Le défi majeur auquel notre pays fait face aujourd'hui est la crise de gouvernance. Les élections et la mise sur pied des institutions
légitimes sont des étapes importantes, mais elles ne peuvent être crédibles aux yeux du peuple qu'à partir du moment où ceux qui les
animent le font en toute rigueur, honnêteté et efficacité.

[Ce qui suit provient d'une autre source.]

(* There exist two MatP instances $I_A,I_B$ with the same underlying graph, differing only by a single swap in the preference order of one agent, such that a robust popular matching with respect to $I_A$ and $I_B$ exists but no robust dominant matching exists; in particular, a maximum-size robust popular matching need not be robust dominant. Concretely: $W=\{w_1,w_2,w_3\}$, $F=\{f_1,f_2,f_3\}$; in $I_A$: $w_1: f_1\succ f_3$, $w_2: f_1\succ f_2$, $w_3: f_3$; in $I_B$ the same except $w_1: f_3\succ f_1$; in both: $f_1: w_2\succ w_1$, $f_2: w_2$, $f_3: w_1\succ w_3$ (edges are exactly the pairs appearing in these lists). Then $\{\{w_1,f_3\},\{w_2,f_1\}\}$ is the unique robust popular matching and there is no robust dominant matching.
   Context: An instance $I$ of matchings under preferences (MatP) consists of a bipartite graph $G^I=(W\cup F,E^I)$ with disjoint finite vertex sets $W$ (workers) and $F$ (firms), whose elements are called agents, together with, for each agent $x$, a strict linear order $\succ_x^I$ over the set $N_x^I$ of neighbors of $x$ in $G^I$. A matching is a set of pairwise disjoint edges; $M(x)$ denotes the partner of a matched agent $x$. Agent $x$ prefers $M$ over $M'$ if $x$ is matched in $M$ and unmatched in $M'$, or matched in both with $M(x)\succ_x M'(x)$. Define $\mathrm{vote}^I_x(M,M')=1$ if $x$ prefers $M$ over $M'$, $-1$ if $x$ prefers $M'$ over $M$, and $0$ otherwise, and $\phi^I(M,M')=\sum_{x\in W\cup F}\mathrm{vote}^I_x(M,M')$. A matching $M$ of $G^I$ is popular for $I$ if $\phi^I(M,M')\ge 0$ for every matching $M'$ of $G^I$; it is dominant for $I$ if it is popular and $\phi^I(M,M')>0$ for every matching $M'$ of $G^I$ with $|M'|>|M|$. A matching is robust popular (resp. robust dominant) with respect to $I_A,I_B$ if it is popular (resp. dominant) for both. *)

From mathcomp Require Import all_boot all_order all_algebra.
Set Implicit Arguments. Unset Strict Implicit. Unset Printing Implicit Defensive.
Import Order.TTheory GRing.Theory Num.Theory.

(* A MatP instance: bipartite graph on W ∪ F given by its edge set, and for
   each agent a strict linear order on its neighbours, encoded as the list of
   its neighbours from most to least preferred. *)
Record instance (W F : finType) := Instance {
  edges : {set W * F};
  prefW : W -> seq F;
  prefF : F -> seq W }.

Definition wf_instance (W F : finType) (I : instance W F) : Prop :=
  (forall w, uniq (prefW I w) /\ forall f, (f \in prefW I w) = ((w, f) \in edges I)) /\
  (forall f, uniq (prefF I f) /\ forall w, (w \in prefF I f) = ((w, f) \in edges I)).

Definition is_matching (W F : finType) (E : {set W * F}) (M : {set W * F}) : Prop :=
  M \subset E /\
  (forall e1 e2, e1 \in M -> e2 \in M -> e1 != e2 -> e1.1 != e2.1 /\ e1.2 != e2.2).

Definition partnerW (W F : finType) (M : {set W * F}) (w : W) : option F :=
  [pick f | (w, f) \in M].
Definition partnerF (W F : finType) (M : {set W * F}) (f : F) : option W :=
  [pick w | (w, f) \in M].

Definition prefers (T : eqType) (s : seq T) (a b : option T) : bool :=
  match a, b with
  | Some x, None => true
  | Some x, Some y => index x s < index y s
  | _, _ => false
  end.

Definition vote (T : eqType) (s : seq T) (a b : option T) : int :=
  (prefers s a b)%:Z - (prefers s b a)%:Z.

Definition phi (W F : finType) (I : instance W F) (M M' : {set W * F}) : int :=
  (\sum_(w : W) vote (prefW I w) (partnerW M w) (partnerW M' w) +
   \sum_(f : F) vote (prefF I f) (partnerF M f) (partnerF M' f))%R.

Definition popular (W F : finType) (I : instance W F) (M : {set W * F}) : Prop :=
  is_matching (edges I) M /\
  forall M', is_matching (edges I) M' -> (0 <= phi I M M')%R.

Definition dominant (W F : finType) (I : instance W F) (M : {set W * F}) : Prop :=
  popular I M /\
  forall M', is_matching (edges I) M' -> #|M| < #|M'| -> (0 < phi I M M')%R.

Definition robust_popular (W F : finType) (IA IB : instance W F) M : Prop :=
  popular IA M /\ popular IB M.
Definition robust_dominant (W F : finType) (IA IB : instance W F) M : Prop :=
  dominant IA M /\ dominant IB M.

(* The concrete example: W = F = 'I_3, with w1,w2,w3 = 0,1,2 and f1,f2,f3 = 0,1,2. *)
Definition a1 : 'I_3 := @Ordinal 3 0 isT.
Definition a2 : 'I_3 := @Ordinal 3 1 isT.
Definition a3 : 'I_3 := @Ordinal 3 2 isT.

Definition E_ex : {set 'I_3 * 'I_3} :=
  [set (a1, a1); (a1, a3); (a2, a1); (a2, a2); (a3, a3)].

Definition prefF_ex (f : 'I_3) : seq 'I_3 :=
  match val f with
  | 0 => [:: a2; a1]
  | 1 => [:: a2]
  | _ => [:: a1; a3]
  end.

Definition prefW_A (w : 'I_3) : seq 'I_3 :=
  match val w with
  | 0 => [:: a1; a3]
  | 1 => [:: a1; a2]
  | _ => [:: a3]
  end.

Definition prefW_B (w : 'I_3) : seq 'I_3 :=
  match val w with
  | 0 => [:: a3; a1]
  | 1 => [:: a1; a2]
  | _ => [:: a3]
  end.

Definition I_A : instance 'I_3 'I_3 := Instance E_ex prefW_A prefF_ex.
Definition I_B : instance 'I_3 'I_3 := Instance E_ex prefW_B prefF_ex.

Definition M_ex : {set 'I_3 * 'I_3} := [set (a1, a3); (a2, a1)].

(* Both instances have five edges, so popularity is decided by brute force:
   every matching lies in the edge set, hence is the mask of a fixed
   enumeration of the edges, and it suffices to compare with the 2^5 masks.
   This shows that {w1 f3, w2 f1} is the only matching popular in both
   instances.  It is not dominant in I_A: the larger perfect matching
   {w1 f1, w2 f2, w3 f3} ties with it, being preferred by w2, w3, f2 and
   rejected by w1, f1, f3. *)
From mathcomp Require Import all_boot all_order all_algebra.
Set Implicit Arguments. Unset Strict Implicit. Unset Printing Implicit Defensive.

Lemma sum_foldr_enum (V : nmodType) (T : finType) (ts : seq T) (G : T -> V) :
  uniq ts -> (forall t, t \in ts) ->
  (\sum_(t : T) G t = foldr (fun t acc => G t + acc) 0 ts)%R.
Proof.
move=> uniq_ts ts_full.
have -> : (\sum_(t : T) G t = \sum_(t <- ts) G t)%R.
  by rewrite (big_uniq _ uniq_ts); apply: eq_bigl => t; rewrite ts_full.
by elim: ts {uniq_ts ts_full} => [|t ts IH]; rewrite ?big_nil ?big_cons ?IH.
Qed.

Fixpoint bitseqs n : seq bitseq :=
  if n is n'.+1 then [seq b :: m | b <- [:: true; false], m <- bitseqs n']
  else [:: [::]].

Lemma mem_bitseqs n (m : bitseq) : size m = n -> m \in bitseqs n.
Proof.
elim: n m => [|n IH] [|b m] // [/IH m_n]; apply/allpairsP.
by exists (b, m); case: b.
Qed.

Section MatchingsAsSequences.
Variables (W F : finType) (E : {set W * F}) (es : seq (W * F)).
Hypothesis es_E : es =i E.

Definition matching_seq (s : seq (W * F)) : bool :=
  all (mem es) s &&
  all (fun e1 => all (fun e2 => (e1 != e2) ==> (e1.1 != e2.1) && (e1.2 != e2.2)) s) s.

Lemma matching_seqP s : reflect (is_matching E [set e in s]) (matching_seq s).
Proof.
apply: (iffP andP) => [[/allP s_es /allP s_disj] | [/subsetP s_E s_disj]]; split.
- by apply/subsetP => e; rewrite inE -(es_E e); apply: s_es.
- move=> e1 e2; rewrite !inE => /s_disj/allP e1_disj /e1_disj/implyP disj /disj.
  by move/andP.
- by apply/allP => e e_s; rewrite /= (es_E e); apply: s_E; rewrite inE.
apply/allP => e1 e1_s; apply/allP => e2 e2_s; apply/implyP => e12.
by apply/andP; apply: s_disj; rewrite ?inE.
Qed.

Lemma subset_mask (M : {set W * F}) :
  M \subset E -> M = [set e in mask [seq e \in M | e <- es] es].
Proof.
move=> /subsetP M_E; apply/setP => e; rewrite inE -filter_mask mem_filter.
by case e_M: (e \in M); rewrite //= (es_E e) M_E.
Qed.

End MatchingsAsSequences.

Section MatchingPartners.
Variables (W F : finType) (E M : {set W * F}).
Hypothesis matching_M : is_matching E M.

Lemma matching_worker_inj w f f' : (w, f) \in M -> (w, f') \in M -> f = f'.
Proof.
move=> wf_M wf'_M; apply/eqP; apply: contraT => ff'.
have [|/eqP //] := matching_M.2 _ _ wf_M wf'_M.
by rewrite xpair_eqE negb_and ff' orbT.
Qed.

Lemma matching_firm_inj w w' f : (w, f) \in M -> (w', f) \in M -> w = w'.
Proof.
move=> wf_M w'f_M; apply/eqP; apply: contraT => ww'.
have [|_ /eqP //] := matching_M.2 _ _ wf_M w'f_M.
by rewrite xpair_eqE negb_and ww'.
Qed.

End MatchingPartners.

Section MatesInSequences.
Variables (W F : finType) (E : {set W * F}) (s : seq (W * F)).
Hypothesis matching_s : is_matching E [set e in s].

(* [partnerW] picks in the enumeration order of the type; it agrees with these
   first-edge mates only because [s] is a matching. *)
Definition worker_mate (w : W) : option F := ohead [seq e.2 | e <- s & e.1 == w].
Definition firm_mate (f : F) : option W := ohead [seq e.1 | e <- s & e.2 == f].

Lemma partnerW_seq w : partnerW [set e in s] w = worker_mate w.
Proof.
rewrite /partnerW /worker_mate; case s_w: [seq e <- s | e.1 == w] => [|[w' f] s'] /=.
  case: pickP => // f; rewrite inE => wf_s.
  by have := mem_filter (fun e => e.1 == w) (w, f) s; rewrite s_w eqxx wf_s.
have: (w', f) \in [seq e <- s | e.1 == w] by rewrite s_w mem_head.
rewrite mem_filter /= => /andP[/eqP-> wf_s].
case: pickP => [f' wf'_s | /(_ f)]; last by rewrite inE wf_s.
by congr Some; apply: (matching_worker_inj matching_s wf'_s); rewrite inE.
Qed.

Lemma partnerF_seq f : partnerF [set e in s] f = firm_mate f.
Proof.
rewrite /partnerF /firm_mate; case s_f: [seq e <- s | e.2 == f] => [|[w f'] s'] /=.
  case: pickP => // w; rewrite inE => wf_s.
  by have := mem_filter (fun e => e.2 == f) (w, f) s; rewrite s_f eqxx wf_s.
have: (w, f') \in [seq e <- s | e.2 == f] by rewrite s_f mem_head.
rewrite mem_filter /= => /andP[/eqP-> wf_s].
case: pickP => [w' w'f_s | /(_ w)]; last by rewrite inE wf_s.
by congr Some; apply: (matching_firm_inj matching_s w'f_s); rewrite inE.
Qed.

End MatesInSequences.

Section PopularityBySequences.
Variables (W F : finType) (I : instance W F).
Variables (es : seq (W * F)) (ws : seq W) (fs : seq F).
Hypotheses (es_E : es =i edges I) (uniq_ws : uniq ws) (uniq_fs : uniq fs).
Hypotheses (ws_full : forall w, w \in ws) (fs_full : forall f, f \in fs).

Definition phi_seq (s s' : seq (W * F)) : int :=
  (foldr (fun w acc => vote (prefW I w) (worker_mate s w) (worker_mate s' w) + acc) 0 ws +
   foldr (fun f acc => vote (prefF I f) (firm_mate s f) (firm_mate s' f) + acc) 0 fs)%R.

Lemma phi_seqE s s' :
  is_matching (edges I) [set e in s] -> is_matching (edges I) [set e in s'] ->
  phi I [set e in s] [set e in s'] = phi_seq s s'.
Proof.
move=> matching_s matching_s'; rewrite /phi /phi_seq; congr (_ + _)%R.
  under eq_bigr => w _ do rewrite (partnerW_seq matching_s) (partnerW_seq matching_s').
  exact: sum_foldr_enum.
under eq_bigr => f _ do rewrite (partnerF_seq matching_s) (partnerF_seq matching_s').
exact: sum_foldr_enum.
Qed.

Definition popular_seq (s : seq (W * F)) : bool :=
  matching_seq es s &&
  all (fun m => matching_seq es (mask m es) ==> (0 <= phi_seq s (mask m es))%R)
      (bitseqs (size es)).

Lemma popular_seqP s : reflect (popular I [set e in s]) (popular_seq s).
Proof.
apply: (iffP andP) => [[/(matching_seqP es_E) matching_s /allP phi_ge0] | [matching_s phi_ge0]].
  split=> // M' matching_M'.
  set m := [seq e \in M' | e <- es].
  have M'E : M' = [set e in mask m es] := subset_mask es_E matching_M'.1.
  move: matching_M'; rewrite M'E => matching_M'; rewrite phi_seqE //.
  apply: (implyP (phi_ge0 m (mem_bitseqs (size_map _ _)))).
  exact/(matching_seqP es_E).
split; first exact/(matching_seqP es_E).
apply/allP => m _; apply/implyP => /(matching_seqP es_E) matching_m.
by rewrite -phi_seqE //; apply: phi_ge0.
Qed.

End PopularityBySequences.

Definition example_edges : seq ('I_3 * 'I_3) :=
  [:: (a1, a1); (a1, a3); (a2, a1); (a2, a2); (a3, a3)].
Definition agents : seq 'I_3 := [:: a1; a2; a3].
Definition M_ex_seq : seq ('I_3 * 'I_3) := [:: (a1, a3); (a2, a1)].
Definition perfect_ex_seq : seq ('I_3 * 'I_3) := [:: (a1, a1); (a2, a2); (a3, a3)].

Lemma example_edgesE : example_edges =i E_ex.
Proof. by move=> e; rewrite !inE !orbA. Qed.

Lemma uniq_agents : uniq agents.
Proof. by []. Qed.

Lemma mem_agents i : i \in agents.
Proof. by move: i => [[|[|[|n]]] lt_i3]. Qed.

Lemma M_exE : M_ex = [set e in M_ex_seq].
Proof. by apply/setP => e; rewrite !inE. Qed.

Lemma wf_examples : wf_instance I_A /\ wf_instance I_B.
Proof.
by do 2 split; move=> [[|[|[|n]]] lt_n3] //; split=> //= -[[|[|[|m]]] lt_m3];
  rewrite -?example_edgesE.
Qed.

Definition popular_example (I : instance 'I_3 'I_3) : seq ('I_3 * 'I_3) -> bool :=
  popular_seq I example_edges agents agents.

Lemma popular_exampleP I s :
  edges I = E_ex -> reflect (popular I [set e in s]) (popular_example I s).
Proof.
move=> IE; apply: popular_seqP; rewrite ?IE;
  by [apply: example_edgesE | apply: uniq_agents | apply: mem_agents].
Qed.

Lemma robust_popular_masks :
  all (fun m => let s := mask m example_edges in
        popular_example I_A s && popular_example I_B s ==> (s == M_ex_seq))
      (bitseqs 5).
Proof. by vm_compute. Qed.

Lemma robust_popular_M_ex : popular_example I_A M_ex_seq && popular_example I_B M_ex_seq.
Proof. by vm_compute. Qed.

Lemma phi_M_ex_perfect : phi_seq I_A agents agents M_ex_seq perfect_ex_seq = 0%R.
Proof. by vm_compute. Qed.

Lemma robust_popular_exE M : robust_popular I_A I_B M <-> M = M_ex.
Proof.
split=> [[popular_A popular_B] | ->]; last first.
  have /andP[popular_A popular_B] := robust_popular_M_ex.
  rewrite M_exE; split.
    exact/(@popular_exampleP I_A _ erefl).
  exact/(@popular_exampleP I_B _ erefl).
have ME := subset_mask example_edgesE popular_A.1.1.
rewrite ME in popular_A popular_B.
have /implyP := allP robust_popular_masks _
  (mem_bitseqs (size_map (fun e => e \in M) example_edges)).
rewrite (introT (@popular_exampleP I_A _ erefl) popular_A).
rewrite (introT (@popular_exampleP I_B _ erefl) popular_B).
by move=> /(_ isT) /eqP M_ex_mask; rewrite ME M_ex_mask M_exE.
Qed.

Lemma M_ex_not_dominant : ~ dominant I_A M_ex.
Proof.
have matching_perfect : is_matching E_ex [set e in perfect_ex_seq].
  exact/(matching_seqP example_edgesE).
have matching_M_ex : is_matching E_ex [set e in M_ex_seq].
  exact/(matching_seqP example_edgesE).
have M_ex_smaller : #|M_ex| < #|[set e in perfect_ex_seq]|.
  have card_set_seq (s : seq ('I_3 * 'I_3)) : uniq s -> #|[set e in s]| = size s.
    by rewrite cardsE => /card_uniqP.
  by rewrite M_exE !card_set_seq.
move=> [_ /(_ _ matching_perfect M_ex_smaller)].
by rewrite M_exE (phi_seqE (I := I_A) uniq_agents uniq_agents mem_agents mem_agents
  matching_M_ex matching_perfect) phi_M_ex_perfect.
Qed.

Theorem mainTheorem14 :
  [/\ wf_instance I_A, wf_instance I_B,
      (* same graph, same firm preferences, workers' preferences differ only
         by a single swap in w1's list *)
      edges I_A = edges I_B /\ prefF I_A = prefF I_B /\
      (forall w, w != a1 -> prefW I_A w = prefW I_B w) /\
      (exists x y, prefW I_A a1 = [:: x; y] /\ prefW I_B a1 = [:: y; x]),
      (* M_ex is the unique robust popular matching *)
      (forall M, robust_popular I_A I_B M <-> M = M_ex)
    & (* there is no robust dominant matching *)
      (forall M, ~ robust_dominant I_A I_B M)].
Proof.
have [wf_A wf_B] := wf_examples.
split=> //.
- do 2 split=> //; split; last by exists a1, a3.
  by move=> [[|[|[|n]]] lt_n3].
- exact: robust_popular_exE.
move=> M [dominant_A dominant_B].
have /robust_popular_exE M_ex_M : robust_popular I_A I_B M := conj dominant_A.1 dominant_B.1.
by apply: M_ex_not_dominant; rewrite -M_ex_M.
Qed.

Les conflits, les mouvements sociaux, le chômage frisant les 90%, l'insécurité juridique, l'insécurité physique, la violation des droits
humains, les intimidations, menaces, arrestations arbitraires, tortures, assassinats, et autres méthodes répressives d'une autre
époque, l'inapplicabilité des lois, le manque de transparence dans la gestion de la chose publique, la fraude et la corruption à grande
échelle, l'impunité, les retombées de l'exploitation des ressources naturelles qui ne profitent qu'à une poignée de personnes « aux
affaires » alors que la grande majorité de la population vit au seuil de la pauvreté, etc., la liste qui explique les souffrances de nos
populations est longue !   

Que ce soit au Nord et au Sud Kivu, dans le Bas-Congo, à Kinshasa, à Mbuji-Mayi   ou à Bunia, le constat que nous sommes obligés
de faire est celui d'une perte de confiance.  Le peuple qui avait placé tant d'espoirs dans le processus de paix et les élections est en
proie à la déception et aux frustrations, malade de la crise de gouvernance.  Il ne s'agit pas d'une question de moyens, mais de
l'utilisation à bon escient et dans l'intérêt du peuple des moyens disponibles.   Cette réalité dure doit nous interpeller au plus haut
point, car le peuple nous regarde aujourd'hui et nous juge aussi.  L'exigence d'une gouvernance saine, transparente et dans le respect
strict de la Loi seul peut nous sortir d'une crise qui certes prend des formes spécifiques dans les Kivus mais qui trouve écho à travers
toute la République.

Cette exigence d'une gouvernance responsable et de droit est également celle de la Communauté d'Investisseurs, nationale et
internationale.   En effet, les cas du manque de garantie d'une sécurité juridique ou même physique de l'investissement sont légions
en RDC :  il s'agit entre autres de pratiques illégales et criminelles tels que la spoliation des propriétés et biens privés, les pillages, la
récusation des contrats, la destruction des outils de travail, la réquisition des stocks sans compensation, l'occupation anarchique des
propriétés privés, les créances faramineuses non-payés, etc.   Ces actes sont posés en RDC souvent par ceux-là mêmes qui sont
investis de l'autorité publique ou, en complicité avec ceux-ci et un pouvoir judiciaire incapable de garantir le droit.   Les conséquences
qui en découlent sont l'arrêt de l'activité, l'arrêt de la production, la déstabilisation économique, le manque à gagner pour l'économie
nationale en termes de richesses et revenus en devises, le licenciement massif de milliers de travailleurs, etc.   Pire, ces situations ne
sont pas uniquement le fait d'une époque de non-droit lié à la guerre, elles perdurent encore aujourd'hui sous la IIIème République.   
Le cas du Groupe Ngezayo, opérateur économique,  est un cas d'école pour la République Démocratique du Congo.    Est-il
nécessaire de rappeler ici qu'il ne suffit pas de créer des Lois, ou faire des promesses et des déclarations d'assainissement et de
garantie d'un  environnement favorable à l'Investissement ; encore faut-il traduire cela dans les faits.   Nous vivons désormais dans un
monde moderne et globalisé, où la compétition pour attirer les Investissements Directs Etrangers est à son comble. Dans ce monde
hautement compétitif, seuls les actes comptent.   Pour attirer réellement l'Investissement en RDC, notre pays doit sécuriser ceux qui y
ont investit - les nationaux au même titre que les internationaux - car ce n'est qu'à ce titre que notre pays cessera d'être pointé comme
un lieu peu sur pour l'Investissement et deviendra la destination privilégiée des investissements en Afrique, restaurant ainsi la
confiance dans le chef des Investisseurs.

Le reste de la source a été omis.